Toolbox

Role Management Software: Making it Work for You

Role management software enables the creation and lifecycle management of enterprise job roles

By Mary Brandel

Page 2

Do's and Don'ts
DON'T select a tool until you've defined your process. Implementers warn that the system should support the role management process, not the other way around. That was clear to Martin Kruit, a vice president at ABN Amro, who knew that the wholesale business unit in which he worked needed to improve the way it handled access management. At the time, access requests were sent to whichever administrator had implemented the application. Essentially, Kruit says, "If you needed something you could get it. There was no rationale behind it."

So, in 2004, Kruit and his team worked to create a centralized system that not only streamlined the process but also met the needs of internal auditors to prove employees had access only to needed resources.

The team worked, department by department, to define roles and determine what access people in those roles required. It manually cleaned up the system, including ridding it of "orphaned" accounts of ex-employees. At the time, Kruit says, there was nothing available to automate this process so his team used spreadsheets to record roles and related access needs, but this eventually grew unwieldy. By 2005, Kruit and his team began looking for a role management tool and decided on BHOLD.
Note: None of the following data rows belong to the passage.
(* Let $f\in\mathrm{Rat}_d(\mathbb{C}_v)$, $d\ge 2$, satisfy $|f(x)|>1$ for every $x\in\mathbb{C}_v$ with $|x|>1$. Then for every $\gamma>0$ there is an open subset $W\subseteq\mathrm{Rat}_d(\mathbb{C}_v)$ containing $f$ such that every $g\in W$ satisfies (a) $|g(x)|>1$ for all $x\in\mathbb{C}_v$ with $|x|>1$, and (b) $|g(x)-f(x)|<\gamma$ for all $x\in\mathbb{C}_v$ with $|f(x)|\le1$.
   Context: $\mathbb{C}_v$ is an algebraically closed field of characteristic zero, complete with respect to a nontrivial non-archimedean absolute value. $\mathrm{Rat}_d(\mathbb{C}_v)$ is the set of rational functions of degree exactly $d$ (degree of $F/G$ with $F,G$ coprime polynomials being $\max\{\deg F,\deg G\}$), topologized via the inclusion into $\mathbb{P}^{2d+1}(\mathbb{C}_v)$ sending $f$ to its tuple of $2d+2$ coefficients. *)

(* an abstract model of C_v. *)
From HB Require Import structures.
From mathcomp Require Import all_boot all_order all_algebra.
From mathcomp Require Import reals.
Set Implicit Arguments. Unset Strict Implicit. Unset Printing Implicit Defensive.
Import Order.TTheory GRing.Theory Num.Theory.
Local Open Scope ring_scope.

Record complete_nonarch_abs (R : realType) (K : fieldType) (a : K -> R) : Prop := {
  abs_ge0 : forall x, 0 <= a x;
  abs_eq0 : forall x, a x = 0 <-> x = 0;
  abs_mul : forall x y, a (x * y) = a x * a y;
  abs_ultra : forall x y, a (x + y) <= Num.max (a x) (a y);
  abs_nontrivial : exists x, a x != 0 /\ a x != 1;
  abs_complete : forall u : nat -> K,
    (forall e : R, 0 < e -> exists N, forall m n, (N <= m)%N -> (N <= n)%N ->
        a (u m - u n) < e) ->
    exists l, forall e : R, 0 < e -> exists N, forall n, (N <= n)%N -> a (u n - l) < e
}.

(* A rational function f = F/G is given by the pair (F, G) of polynomials,
   i.e. by its 2d+2 coefficients (a point of K^{2d+2} \ {0}).
   rat_deg d F G : F, G coprime and max(deg F, deg G) = d, i.e. f in Rat_d. *)
Definition rat_deg (K : fieldType) (d : nat) (F G : {poly K}) : Prop :=
  coprimep F G /\ maxn (size F) (size G) = d.+1.

(* |f(x)| > 1, with f(x) = infinity at a pole (G(x) = 0). *)
Definition rat_abs_gt1 (R : realType) (K : fieldType) (a : K -> R)
  (F G : {poly K}) (x : K) : Prop :=
  G.[x] = 0 \/ 1 < a (F.[x] / G.[x]).

Definition rat_abs_le1 (R : realType) (K : fieldType) (a : K -> R)
  (F G : {poly K}) (x : K) : Prop :=
  G.[x] != 0 /\ a (F.[x] / G.[x]) <= 1.

Definition rat_close (R : realType) (K : fieldType) (a : K -> R) (gamma : R)
  (F G F' G' : {poly K}) (x : K) : Prop :=
  G'.[x] != 0 /\ a (F'.[x] / G'.[x] - F.[x] / G.[x]) < gamma.

(* W is (the preimage in K^{2d+2} \ {0} of) an open subset of P^{2d+1}(K):
   it is invariant under nonzero scaling of the coefficient vector, and it is
   open for the sup-norm topology on coefficient vectors of length 2d+2. *)
Definition proj_open (R : realType) (K : fieldType) (a : K -> R) (d : nat)
  (W : {poly K} -> {poly K} -> Prop) : Prop :=
  (forall (c : K) F G, c != 0 -> W F G -> W (c *: F) (c *: G)) /\
  (forall F G, W F G -> exists2 e : R, 0 < e &
     forall F' G' : {poly K}, (size F' <= d.+1)%N -> (size G' <= d.+1)%N ->
       (forall i : 'I_d.+1, a (F'`_i - F`_i) < e /\ a (G'`_i - G`_i) < e) ->
       W F' G').

From HB Require Import structures.
From mathcomp Require Import all_boot all_order all_algebra.
From mathcomp Require Import reals.
From mathcomp Require Import ring lra zify.
Import Order.TTheory GRing.Theory Num.Theory.
Set Implicit Arguments. Unset Strict Implicit. Unset Printing Implicit Defensive.
Local Open Scope ring_scope.

(* Write f = F/G with F, G coprime of degree <= d, and assume |f(x)| > 1
   whenever |x| > 1.  Since a root z of F would give f(z) = 0, all roots of F
   lie in the closed unit disc, so |F(x)| = |lc F| |x|^deg F for |x| > 1; for
   the same reason |G(x)| < |F(x)| there, which forces deg G <= deg F = d.
   By Bezout (UF + VG = 1), |G| is bounded below by some m > 0 on the part of
   the unit disc where |F| <= |G|, i.e. where |f| <= 1.

   The open set W consists of the coefficient vectors which, after rescaling,
   are coefficientwise e-close to (F, G), with e < |lc F|, e < m, e <= gamma m.
   For |x| > 1 the perturbation of F and G is below e |x|^d < |F(x)|, so the
   ultrametric "strongest wins" principle keeps |G'(x)| < |F'(x)|; on
   {|f| <= 1} the perturbation is below e < m <= |G(x)|, so the quotient moves
   by less than e/m <= gamma. *)

Lemma bernoulli (R : realFieldType) (h : R) n : 0 <= h -> 1 + n%:R * h <= (1 + h) ^+ n.
Proof.
move=> h0; elim: n => [|n IH]; first by rewrite mul0r addr0 expr0.
rewrite exprSr -natr1.
have n0 : 0 <= n%:R :> R by rewrite ler0n.
set X := (1 + h) ^+ n in IH *.
nra.
Qed.

Section NonArchimedean.
Variables (R : realType) (K : fieldType) (a : K -> R).
Hypothesis Ha : complete_nonarch_abs a.

Lemma a_ge0 x : 0 <= a x. Proof. exact: abs_ge0 Ha x. Qed.

Lemma a0 : a 0 = 0. Proof. exact/(abs_eq0 Ha). Qed.

Lemma a_gt0 x : (0 < a x) = (x != 0).
Proof.
rewrite lt0r a_ge0 andbT; apply/idP/idP; apply: contra => /eqP.
  by move=> ->; rewrite a0.
by move/(abs_eq0 Ha)->.
Qed.

Lemma aM x y : a (x * y) = a x * a y. Proof. exact: abs_mul Ha x y. Qed.

Lemma a1 : a 1 = 1.
Proof.
have a1_neq0 : a 1 != 0 by rewrite gt_eqF // a_gt0 oner_neq0.
by apply: (mulfI a1_neq0); rewrite mulr1 -aM mulr1.
Qed.

Lemma aN x : a (- x) = a x.
Proof.
have aN1 : a (-1) = 1.
  apply/eqP; rewrite -sqrp_eq1 ?a_ge0 // expr2 -aM mulrNN mulr1 a1 //.
by rewrite -mulN1r aM aN1 mul1r.
Qed.

Lemma aV x : a x^-1 = (a x)^-1.
Proof.
have [->|x0] := eqVneq x 0; first by rewrite invr0 a0 invr0.
have ax0 : a x != 0 by rewrite gt_eqF // a_gt0.
by apply: (mulfI ax0); rewrite -aM !divff ?a1.
Qed.

Lemma aX x n : a (x ^+ n) = a x ^+ n.
Proof. by elim: n => [|n IH]; rewrite ?a1 // !exprS aM IH. Qed.

Lemma aD_lt x y (B : R) : a x < B -> a y < B -> a (x + y) < B.
Proof. by move=> hx hy; apply: le_lt_trans (abs_ultra Ha x y) _; rewrite gt_max hx hy. Qed.

Lemma aD_le_sum x y : a (x + y) <= a x + a y.
Proof.
apply: le_trans (abs_ultra Ha x y) _.
by rewrite ge_max lerDl lerDr !a_ge0.
Qed.

Lemma abs_sum_lt (I : Type) (r : seq I) (P : pred I) (F : I -> K) (B : R) :
  0 < B -> (forall i, P i -> a (F i) < B) -> a (\sum_(i <- r | P i) F i) < B.
Proof.
move=> B0 hF; apply: (big_ind (fun y => a y < B)) => //; first by rewrite a0.
by move=> x y; apply: aD_lt.
Qed.

Lemma abs_sum_le (I : Type) (r : seq I) (P : pred I) (F : I -> K) :
  a (\sum_(i <- r | P i) F i) <= \sum_(i <- r | P i) a (F i).
Proof.
apply: (big_ind2 (fun y z => a y <= z)) => [|x1 x2 y1 y2 h1 h2|//].
  by rewrite a0.
by apply: le_trans (aD_le_sum _ _) _; apply: lerD.
Qed.

Lemma a_isosceles x y : a y < a x -> a (x + y) = a x.
Proof.
move=> hyx; apply/eqP; rewrite eq_le; apply/andP; split.
  by apply: le_trans (abs_ultra Ha x y) _; rewrite ge_max lexx ltW.
have := abs_ultra Ha (x + y) (- y); rewrite addrK aN.
by case: (leP (a (x + y)) (a y)) => // _ /(lt_le_trans hyx); rewrite ltxx.
Qed.

Lemma a_close_eq x y : a (y - x) < a x -> a y = a x.
Proof. by move/a_isosceles; rewrite addrC subrK. Qed.


(* A nontrivial absolute value exceeds 1 somewhere (at x or at 1/x). *)
Lemma exists_abs_gt1 : exists t, 1 < a t.
Proof.
have [x [ax_ne0 ax_ne1]] := abs_nontrivial Ha.
have x0 : x != 0 by rewrite -a_gt0 lt0r ax_ne0 a_ge0.
case: (ltrgtP 1 (a x)) => [|ax_lt1|ax_eq1]; first by exists x.
  by exists x^-1; rewrite aV invf_gt1 // a_gt0.
by rewrite ax_eq1 eqxx in ax_ne1.
Qed.

(* Hence, by Bernoulli's inequality, it takes arbitrarily large values. *)
Lemma exists_abs_gt (B : R) : exists x, B < a x.
Proof.
have [t t1] := exists_abs_gt1.
set h := a t - 1; have h0 : 0 < h by rewrite subr_gt0.
set B' := Num.max B 0 / h.
have B'0 : 0 <= B' by rewrite divr_ge0 ?le_max ?lexx ?orbT ?ltW.
set n := Num.Def.archi_bound B'.
have nB' : B' * h < n%:R * h by rewrite ltr_pM2r ?archi_boundP.
have BB' : B <= B' * h by rewrite divfK ?gt_eqF // le_max lexx.
exists (t ^+ n); rewrite aX -[a t](subrK 1) -/h addrC.
by apply: lt_le_trans (bernoulli n (ltW h0)); lra.
Qed.

Lemma abs_horner_lt n (P : {poly K}) x (e r : R) :
  (size P <= n.+1)%N -> 1 <= r -> a x <= r ->
  (forall i : 'I_n.+1, a P`_i < e) -> a P.[x] < e * r ^+ n.
Proof.
move=> szP r1 axr hP.
have e0 : 0 < e := le_lt_trans (a_ge0 _) (hP ord0).
have rn0 : 0 < r ^+ n := exprn_gt0 _ (lt_le_trans ltr01 r1).
rewrite (horner_coef_wide x szP); apply: abs_sum_lt => [|i _]; first exact: mulr_gt0.
have xi : a x ^+ i <= r ^+ n.
  apply: le_trans (ler_weXn2l r1 (_ : (i <= n)%N)); last by rewrite -ltnS.
  by apply: lerXn2r; rewrite ?nnegrE ?a_ge0 ?(le_trans (a_ge0 x) axr).
rewrite aM aX; apply: le_lt_trans (ler_wpM2l (a_ge0 _) xi) _.
by rewrite ltr_pM2r.
Qed.

Definition coef_norm (P : {poly K}) : R := \sum_(i < size P) a P`_i.

Lemma coef_norm_ge0 P : 0 <= coef_norm P.
Proof. by apply: sumr_ge0 => i _; exact: a_ge0. Qed.

Lemma abs_horner_le_norm P x : a x <= 1 -> a P.[x] <= coef_norm P.
Proof.
move=> x1; rewrite horner_coef; apply: le_trans (abs_sum_le _ _ _) _.
apply: ler_sum => i _; rewrite aM aX.
by apply: ler_piMr; [exact: a_ge0 | exact: exprn_ile1 (a_ge0 _) x1].
Qed.

(* Bezout: two coprime polynomials cannot be simultaneously small on the closed
   unit disc.  This keeps the denominator of f away from 0 where |f| <= 1. *)
Lemma coprime_disc_lower_bound F G : coprimep F G ->
  exists2 m : R, 0 < m &
    forall x, a x <= 1 -> m <= Num.max (a F.[x]) (a G.[x]).
Proof.
move=> /Bezout_eq1_coprimepP [[U V] /= UV1].
set C := 1 + coef_norm U + coef_norm V.
have nU := coef_norm_ge0 U; have nV := coef_norm_ge0 V.
have C0 : 0 < C by rewrite /C; lra.
exists C^-1 => [|x x1]; first by rewrite invr_gt0.
set M := Num.max _ _.
have M0 : 0 <= M by rewrite le_max a_ge0.
rewrite -[C^-1]mul1r ler_pdivrMr // mulrC -a1.
have /(congr1 (fun p => p.[x])) := UV1; rewrite hornerD !hornerM hornerC => <-.
apply: le_trans (abs_ultra Ha _ _) _; rewrite ge_max !aM.
apply/andP; split; apply: ler_pM; rewrite ?a_ge0 ?le_max ?lexx ?orbT //.
  by apply: le_trans (abs_horner_le_norm U x1) _; rewrite /C; lra.
by apply: le_trans (abs_horner_le_norm V x1) _; rewrite /C; lra.
Qed.
Lemma swap_nearest_ltn x b i j : nearest x b -> (i < a)%N -> (j < a)%N ->
  (swap_with b x i < swap_with b x j)%N = (x i < x j)%N.
Proof.
move=> xb ia ja; have ba : (b < a)%N by case/andP: xb.
have := perm_nat_neq x (ltn_ord_neq ba); rewrite eq_sym => ab.
have [->|ib] := eqVneq i b; have [->|jb] := eqVneq j b; rewrite ?ltnn //.
- rewrite swap_with_partner (swap_with_other _ (ltn_ord_neq ja) jb).
  have := nearest_between xb ja jb; have := perm_nat_neq x (ltn_ord_neq ja).
  have := perm_nat_neq x jb; rewrite /strictly_between; lia.
- rewrite swap_with_partner (swap_with_other _ (ltn_ord_neq ia) ib).
  have := nearest_between xb ia ib; have := perm_nat_neq x (ltn_ord_neq ia).
  have := perm_nat_neq x ib; rewrite /strictly_between; lia.
by rewrite !swap_with_other // ltn_ord_neq.
Qed.

Lemma prank_swap_nearest_before x b i : nearest x b -> (i < a)%N ->
  prank (swap_with b x) i = prank x i.
Proof.
move=> xb ia; congr S; apply: eq_card => j; rewrite !inE.
by case: ltnP => //= ji; apply: swap_nearest_ltn => //; exact: ltn_trans ji ia.
Qed.

Lemma nearest_swap x b : nearest x b -> nearest (swap_with b x) b.
Proof.
move=> xb; have ba : (b < a)%N by case/andP: xb.
apply/andP; split => //; apply/forallP => j; apply/implyP => /andP[ja jb].
rewrite swap_with_at swap_with_partner (swap_with_other _ (ltn_ord_neq ja) jb).
by have := nearest_between xb ja jb; rewrite /strictly_between; lia.
Qed.

Lemma prank_swap_nearest x b : nearest x b -> (x a < x b)%N ->
  prank (swap_with b x) a = (prank x a).+1.
Proof.
move=> xb ab; have ba : (b < a)%N by case/andP: xb.
rewrite /prank swap_with_at; congr S.
have -> : [set j : 'I_n | (j < a)%N && (swap_with b x j < x b)%N] =
          b |: [set j : 'I_n | (j < a)%N && (x j < x a)%N].
  apply/setP => j; rewrite !inE.
  have [->|jb] := eqVneq j b; first by rewrite ba swap_with_partner ab.
  case ja: (j < a)%N => //=; rewrite (swap_with_other _ (ltn_ord_neq ja) jb).
  have := nearest_between xb ja jb; have := perm_nat_neq x (ltn_ord_neq ja).
  have := perm_nat_neq x jb; rewrite /strictly_between; lia.
by rewrite cardsU1 inE ba ltnNge ltnW.
Qed.

Lemma nearest_uniq x b1 b2 : nearest x b1 -> nearest x b2 ->
  (x a < x b1)%N = (x a < x b2)%N -> b1 = b2.
Proof.
move=> xb1 xb2 e; apply/eqP/negPn/negP => b12.
have b1a : (b1 < a)%N by case/andP: xb1.
have b2a : (b2 < a)%N by case/andP: xb2.
have b21 : b2 != b1 by rewrite eq_sym.
have := nearest_between xb1 b2a b21; have := nearest_between xb2 b1a b12.
have := perm_nat_neq x b12; have := perm_nat_neq x (ltn_ord_neq b1a).
have := perm_nat_neq x (ltn_ord_neq b2a); rewrite /strictly_between; move: e; lia.
Qed.

Lemma nearest_above_exists x : (prank x a < a.+1)%N -> exists b, nearest x b && (x a < x b)%N.
Proof.
move=> xa.
have [j0 /andP[j0a aj0]] : exists j, (j < a)%N && (x a < x j)%N.
  apply/existsP; apply: contraLR xa; rewrite negb_exists => /forallP above.
  rewrite /prank ltnS -leqNgt -{1}(@card_ord_ltn n a (ltnW (ltn_ord a))).
  apply: subset_leq_card; apply/subsetP => j; rewrite !inE => ja; rewrite ja /=.
  by have := above j; rewrite ja /=; have := perm_nat_neq x (ltn_ord_neq ja); lia.
case: (@arg_minnP _ j0 (fun j => (j < a)%N && (x a < x j)%N) (fun j => nat_of_ord (x j)));
  first by rewrite j0a aj0.
move=> b /andP[ba ab] bmin; exists b; rewrite ab andbT /nearest ba.
apply/forallP => j; apply/implyP => /andP[ja jb]; rewrite /strictly_between.
have [aj|] := boolP (x a < x j)%N; last lia.
by have := bmin j; rewrite ja aj /= => /(_ isT); lia.
Qed.

Lemma nearest_below_exists x : (1 < prank x a)%N -> exists b, nearest x b && (x b < x a)%N.
Proof.
rewrite /prank ltnS card_gt0 => /set0Pn [j0]; rewrite inE => /andP[j0a j0x].
case: (@arg_maxnP _ j0 (fun j => (j < a)%N && (x j < x a)%N) (fun j => nat_of_ord (x j)));
  first by rewrite j0a j0x.
move=> b /andP[ba bx] bmax; exists b; rewrite bx andbT /nearest ba.
apply/forallP => j; apply/implyP => /andP[ja jb]; rewrite /strictly_between.
have [ja'|] := boolP (x j < x a)%N; last lia.
by have := bmax j; rewrite ja ja' /= => /(_ isT); lia.
Qed.

Definition nearest_above x := odflt a [pick b | nearest x b && (x a < x b)%N].
Definition nearest_below x := odflt a [pick b | nearest x b && (x b < x a)%N].

Lemma nearest_aboveP x : (prank x a < a.+1)%N ->
  nearest x (nearest_above x) && (x a < x (nearest_above x))%N.
Proof.
rewrite /nearest_above => /nearest_above_exists [b xb].
by case: pickP => [//|none]; rewrite none in xb.
Qed.

Lemma nearest_belowP x : (1 < prank x a)%N ->
  nearest x (nearest_below x) && (x (nearest_below x) < x a)%N.
Proof.
rewrite /nearest_below => /nearest_below_exists [b xb].
by case: pickP => [//|none]; rewrite none in xb.
Qed.

Lemma prank_swap_above x : (prank x a < a.+1)%N ->
  prank (swap_with (nearest_above x) x) a = (prank x a).+1.
Proof. by case/nearest_aboveP/andP; apply: prank_swap_nearest. Qed.

Lemma prank_swap_below x : (1 < prank x a)%N ->
  (prank (swap_with (nearest_below x) x) a).+1 = prank x a.
Proof.
case/nearest_belowP/andP => xb bx.
have := prank_swap_nearest (nearest_swap xb).
by rewrite swap_with_at swap_with_partner swap_withK => ->.
Qed.

Lemma nearest_below_swap_above x : (prank x a < a.+1)%N ->
  nearest_below (swap_with (nearest_above x) x) = nearest_above x.
Proof.
move=> xa; have /andP[xb ab] := nearest_aboveP xa.
set b := nearest_above x in xb ab *; set x' := swap_with b x.
have x'a : (1 < prank x' a)%N by rewrite prank_swap_above.
have /andP[x'b' b'a] := nearest_belowP x'a.
apply: (nearest_uniq x'b' (nearest_swap xb)).
by move: b'a ab; rewrite /x' swap_with_at swap_with_partner; lia.
Qed.

Lemma nearest_above_swap_below x : (1 < prank x a)%N ->
  nearest_above (swap_with (nearest_below x) x) = nearest_below x.
Proof.
move=> xa; have /andP[xb ba] := nearest_belowP xa.
set b := nearest_below x in xb ba *; set x' := swap_with b x.
have x'a : (prank x' a < a.+1)%N.
  by rewrite -ltnS prank_swap_below // ltnS prank_le.
have /andP[x'b' ab'] := nearest_aboveP x'a.
apply: (nearest_uniq x'b' (nearest_swap xb)).
by move: ab' ba; rewrite /x' swap_with_at swap_with_partner; lia.
Qed.

Section RankFlip.
Variable r : nat.
Hypotheses (r_gt0 : (0 < r)%N) (r_le : (r <= a)%N).

Definition rank_flip x :=
  if prank x a == r then swap_with (nearest_above x) x
  else if prank x a == r.+1 then swap_with (nearest_below x) x else x.

Lemma rank_flip_up x : prank x a = r -> rank_flip x = swap_with (nearest_above x) x.
Proof. by rewrite /rank_flip => ->; rewrite eqxx. Qed.

Lemma rank_flip_down x : prank x a = r.+1 -> rank_flip x = swap_with (nearest_below x) x.
Proof. by rewrite /rank_flip => ->; rewrite eqxx gtn_eqF. Qed.

Lemma rank_flipK : involutive rank_flip.
Proof.
move=> x; have [xr|xr] := eqVneq (prank x a) r.
  have xa : (prank x a < a.+1)%N by rewrite xr ltnS.
  rewrite (rank_flip_up xr) rank_flip_down ?prank_swap_above ?xr //.
  by rewrite nearest_below_swap_above // swap_withK.
have [xr1|xr1] := eqVneq (prank x a) r.+1; last first.
  by rewrite /rank_flip (negbTE xr) (negbTE xr1) (negbTE xr) (negbTE xr1).
have xa : (1 < prank x a)%N by rewrite xr1 ltnS.
rewrite (rank_flip_down xr1) rank_flip_up; last first.
  by apply: succn_inj; rewrite prank_swap_below.
by rewrite nearest_above_swap_below // swap_withK.
Qed.

Lemma prank_rank_flip x : (prank (rank_flip x) a == r) = (prank x a == r.+1).
Proof.
have [xr|xr] := eqVneq (prank x a) r.
  by rewrite (rank_flip_up xr) prank_swap_above xr ?ltnS // eqxx gtn_eqF.
have [xr1|xr1] := eqVneq (prank x a) r.+1.
  by rewrite (rank_flip_down xr1) -(inj_eq succn_inj) prank_swap_below xr1 ?eqxx ?ltnS.
by rewrite /rank_flip (negbTE xr) (negbTE xr1) (negbTE xr).
Qed.

Lemma prank_rank_flip_before x i : (i < a)%N -> prank (rank_flip x) i = prank x i.
Proof.
move=> ia; have [xr|xr] := eqVneq (prank x a) r.
  have xa : (prank x a < a.+1)%N by rewrite xr ltnS.
  by case/andP: (nearest_aboveP xa) => xb _; rewrite rank_flip_up // prank_swap_nearest_before.
have [xr1|xr1] := eqVneq (prank x a) r.+1; last by rewrite /rank_flip (negbTE xr) (negbTE xr1).
have xa : (1 < prank x a)%N by rewrite xr1 ltnS.
by case/andP: (nearest_belowP xa) => xb _; rewrite rank_flip_down // prank_swap_nearest_before.
Qed.

End RankFlip.

End NearestSwap.

Local Open Scope ring_scope.

Lemma sum_nat_pred1 (V : zmodType) (lo hi k : nat) (v : V) : (lo <= k < hi)%N ->
  \sum_(lo <= i < hi) (if k == i then v else 0) = v.
Proof.
move=> k_in; rewrite (bigD1_seq k) ?mem_index_iota ?iota_uniq //= eqxx big1_seq ?addr0 //.
by move=> i /andP[ik _]; rewrite eq_sym (negbTE ik).
Qed.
Now, when an access request comes in, the system reconciles it against the requestor's role profile and sends an e-mail to an offshore administrator in India to provide access. ABN Amro does not do automated provisioning because it would be too costly to create the customized interfaces with the company's legacy systems, Kruit says.

"We looked for software that fit our philosophy of having a strong process first and then the automation," he says. "The system had to grow with us, and not all companies did that—they just want to sell you a total solution."

Similarly, Energy East spent six months redesigning its process before "throwing software at it," says Steven Harkola, director of support services at the diversified energy delivery provider. His team trained 40 team members in ITIL foundations and worked with a consultancy to form a project management office, eventually deciding to integrate access management with incident and asset management processes to create a Web-based shopping-cart-like front end to the system.

In fact, when Energy East decided on Courion as a vendor, Harkola says, a major factor was the vendor's willingness to perform the integration work necessary to connect the systems together and create a workflow system.

DO take a combined top-down, bottom-up approach. According to Kampman, role management typically combines a top-down (or business responsibility-driven) perspective, and a bottom-up (or system resource-oriented) approach. Top-down reflects the needs of the business, while bottom-up reflects the application privileges and permission sets to satisfy those business responsibilities.